Home equity management refers to the process of tapping equity via loans, at favorable, and often tax-favored, interest rates, to invest otherwise illiquid equity in a target that offers higher returns. Home equity may serve as collateral for a home equity loan or home equity line of credit. Many home equity plans set a fixed period during which the homeowner can borrow money, such as ten years. At the end of this “draw period,” the borrower may be allowed to renew the credit line. If the plan does not allow renewals, the borrower will not be able to borrow additional money once the period has ended. Some plans may call for payment in full of any outstanding balance at the end of the period. Others may allow repayment over a fixed period, for example, ten years.

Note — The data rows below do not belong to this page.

(* Let $d\geq 1$, let $Q\subset\mathbb{Z}_+^d$ be a lower set with $|Q|=n$, and let $k$ be a positive integer. Then the number $C(Q,k,d)$ of lower sets $Q'\subset Q$ with $|Q'|\geq n-k$ satisfies $$C(Q,k,d)<\Big(\max\Big\{8,\frac{4eT(n)}{k}\Big\}\Big)^k.$$
   Context: $\mathbb{Z}_+=\{0,1,2,\dots\}$. A set $Q\subset\mathbb{Z}_+^d$ is a lower set if whenever $q\in Q$ and $q'\in\mathbb{Z}_+^d$ satisfies $q'_i\leq q_i$ for all $i$, then $q'\in Q$. For $q,q'\in\mathbb{Z}_+^d$ write $q\succ q'$ if $q_i\geq q'_i$ for all $i$. For a lower set $Q$, $M(Q)$ denotes the set of all $q'\in Q$ such that no $q\in Q\setminus\{q'\}$ satisfies $q\succ q'$ (the maximal available subset of $Q$). $T(n):=\max\{|M(Q)|: Q\subset\mathbb{Z}_+^d \text{ a lower set},\ |Q|=n\}$. *)

From Stdlib Require Import Reals ClassicalDescription.
From mathcomp Require Import all_boot finmap.
Set Implicit Arguments. Unset Strict Implicit. Unset Printing Implicit Defensive.
Local Open Scope fset_scope.

Definition point (d : nat) := {ffun 'I_d -> nat}.

Definition succeq d (q q' : point d) : bool := [forall i, q' i <= q i].

Definition lower d (Q : {fset point d}) : Prop :=
  forall q q' : point d, q \in Q -> (forall i, q' i <= q i) -> q' \in Q.

Definition asb (P : Prop) : bool := if excluded_middle_informative P then true else false.

Definition Mset d (Q : {fset point d}) : {fset point d} :=
  [fset q' in Q | ~~ has (fun q => (q != q') && succeq q q') (enum_fset Q)].

Definition is_T d (n t : nat) : Prop :=
  (exists Q : {fset point d}, lower Q /\ #|` Q| = n /\ #|` Mset Q| = t) /\
  (forall Q : {fset point d}, lower Q -> #|` Q| = n -> #|` Mset Q| <= t).

Definition Ccount d (Q : {fset point d}) (k : nat) : nat :=
  #|` [fset Q' in fpowerset Q | asb (lower Q') && (#|` Q| - k <= #|` Q'|)] |.

From Stdlib Require Import Reals Lra ClassicalDescription.
From mathcomp Require Import all_boot finmap zify.

(* Every lower subset P of Q satisfies |M(P)| <= T(n): adding to P its first missing point
   on a coordinate axis keeps it a lower set and costs at most one maximal element while
   creating one, so P grows to a lower set of size n with at least as many maximal elements.
   Lower sets Q' of Q missing at most k points are then counted by deciding the maximal
   elements one at a time: each is either kept for good or removed, and a removal uses up
   one of the k points without increasing b + T(n) - |M(P)|, where b is the number of
   undecided maximal elements, because |M(P \ x)| <= T(n). This gives
   C(Q,k,d) <= binom(T(n) + k, k) <= (T(n) + k)^k / k!, and k^k <= e^(k-1) k! turns it into
   C(Q,k,d) < (e (T(n) + k) / k)^k, where e (T + k) / k <= max(8, 4eT/k) according as
   k <= 3T or not. *)

Set Implicit Arguments. Unset Strict Implicit. Unset Printing Implicit Defensive.
Local Open Scope fset_scope.

Lemma asbP (A : Prop) : reflect A (asb A).
Proof. by rewrite /asb; case: excluded_middle_informative; constructor. Qed.

Lemma cardfs_le1 (K : choiceType) (A : {fset K}) a :
  (forall b, b \in A -> b = a) -> (#|` A| <= 1)%N.
Proof.
move=> eq_a; rewrite -(cardfs1 a); apply/fsubset_leq_card/fsubsetP => b /eq_a ->.
exact: fset11.
Qed.

Lemma leq_ffact_exp n m : (n ^_ m <= n ^ m)%N.
Proof.
elim: m => // m IHm; rewrite ffactnSr expnSr.
by apply: leq_mul; [apply: IHm | apply: leq_subr].
Qed.

Section LowerSets.
Variable d : nat.
Implicit Types (p q x z : point d) (P B : {fset point d}).

Lemma succeqP p q : reflect (forall i, q i <= p i)%N (succeq p q).
Proof. exact: forallP. Qed.

Lemma succeq_refl p : succeq p p.
Proof. by apply/succeqP. Qed.

Lemma succeq_trans p q z : succeq p q -> succeq q z -> succeq p z.
Proof. by move=> /succeqP pq /succeqP qz; apply/succeqP => i; apply: leq_trans (qz i) (pq i). Qed.

Lemma succeq_anti p q : succeq p q -> succeq q p -> p = q.
Proof.
by move=> /succeqP pq /succeqP qp; apply/ffunP => i; apply/eqP; rewrite eqn_leq pq qp.
Qed.

Lemma MsetP P q :
  reflect (q \in P /\ forall p, p \in P -> succeq p q -> p = q) (q \in Mset P).
Proof.
rewrite /Mset !inE /=; apply: (iffP andP) => -[qP qmax]; split=> //.
  move=> p pP pq; apply: contraNeq qmax => npq.
  by apply/hasP; exists p; rewrite // npq.
apply/hasPn => p pP; rewrite negb_and negbK orbC.
by case: (boolP (succeq p q)) => //= /(qmax p pP) ->.
Qed.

=== Home equity release products ===
A number of financial instruments exist to help homeowners access home equity collectively referred to as home equity release products. These allow the conversion of illiquid housing wealth into usable funds, either as lump sums, lines of credit, or income streams. The most common home equity release mechanisms found in the United States include the following:

- Home equity loan (HEL): A fixed-term loan secured against the home's equity, typically disbursed as a lump sum and repaid in equal monthly payments over a set period. The interest rate is usually fixed. These loans are often used for home renovations and other large expenses with a third going to repay non-mortgage debt, a third going towards home improvements, and a fourth to PCE.
- Home equity line of credit (HELOC): A revolving credit line secured by the home, where the borrower can draw and repay funds as needed up to a limit, typically during an initial “draw period” of 5–10 years. Interest rates are often variable. After the draw period, repayment of principal and interest is required.
- Cash-out refinancing: This method replaces the existing mortgage with a larger loan, allowing the homeowner to “cash out” the difference in equity. This is typically used when mortgage rates are favorable and the homeowner seeks liquidity. Some of these are backed by agencies such as the United States Department of Veterans Affairs.
- Reverse mortgage: A loan product typically available to older homeowners (e.g., 62+) that provides funds based on home equity, with no monthly repayment. The loan is repaid upon sale, move-out, or death. Reverse mortgages are regulated in many jurisdictions and often operate under government-insured programs, such as the U.S. Home Equity Conversion Mortgage (HECM).
- Home equity investment (HEI): A financial contract in which a third party (typically an investment firm) provides a lump sum in exchange for a share of the home's future appreciation. There are no monthly payments; the investor is repaid upon sale or after the home equity contract's pre-agreed term. HEIs are relatively new and have been criticized for potential risks and downsides such as reducing future equity upside for homeowners.

Meanwhile, in countries such as the United Kingdom, a set of equity release financial products including lifetime mortgages or home reversion plans allow homeowners to unlock equity while remaining in the home regulated by the Financial Conduct Authority. Lifetime mortgages accrue interest over time but require no monthly payments; the loan is repaid when the home is sold.

Equity release products differ substantially in structure, risk, and tax treatment and different countries have different regulatory regimes for various product types with varying levels of consumer protection. Some have suggested access to home equity release products ultimately harms household welfare by eroding savings commitment with one study suggesting that the welfare losses from weakened discipline outweighing the gains from flexibility by a factor of 1.7 and driving a 2.5 percentage point drop in the personal saving rate.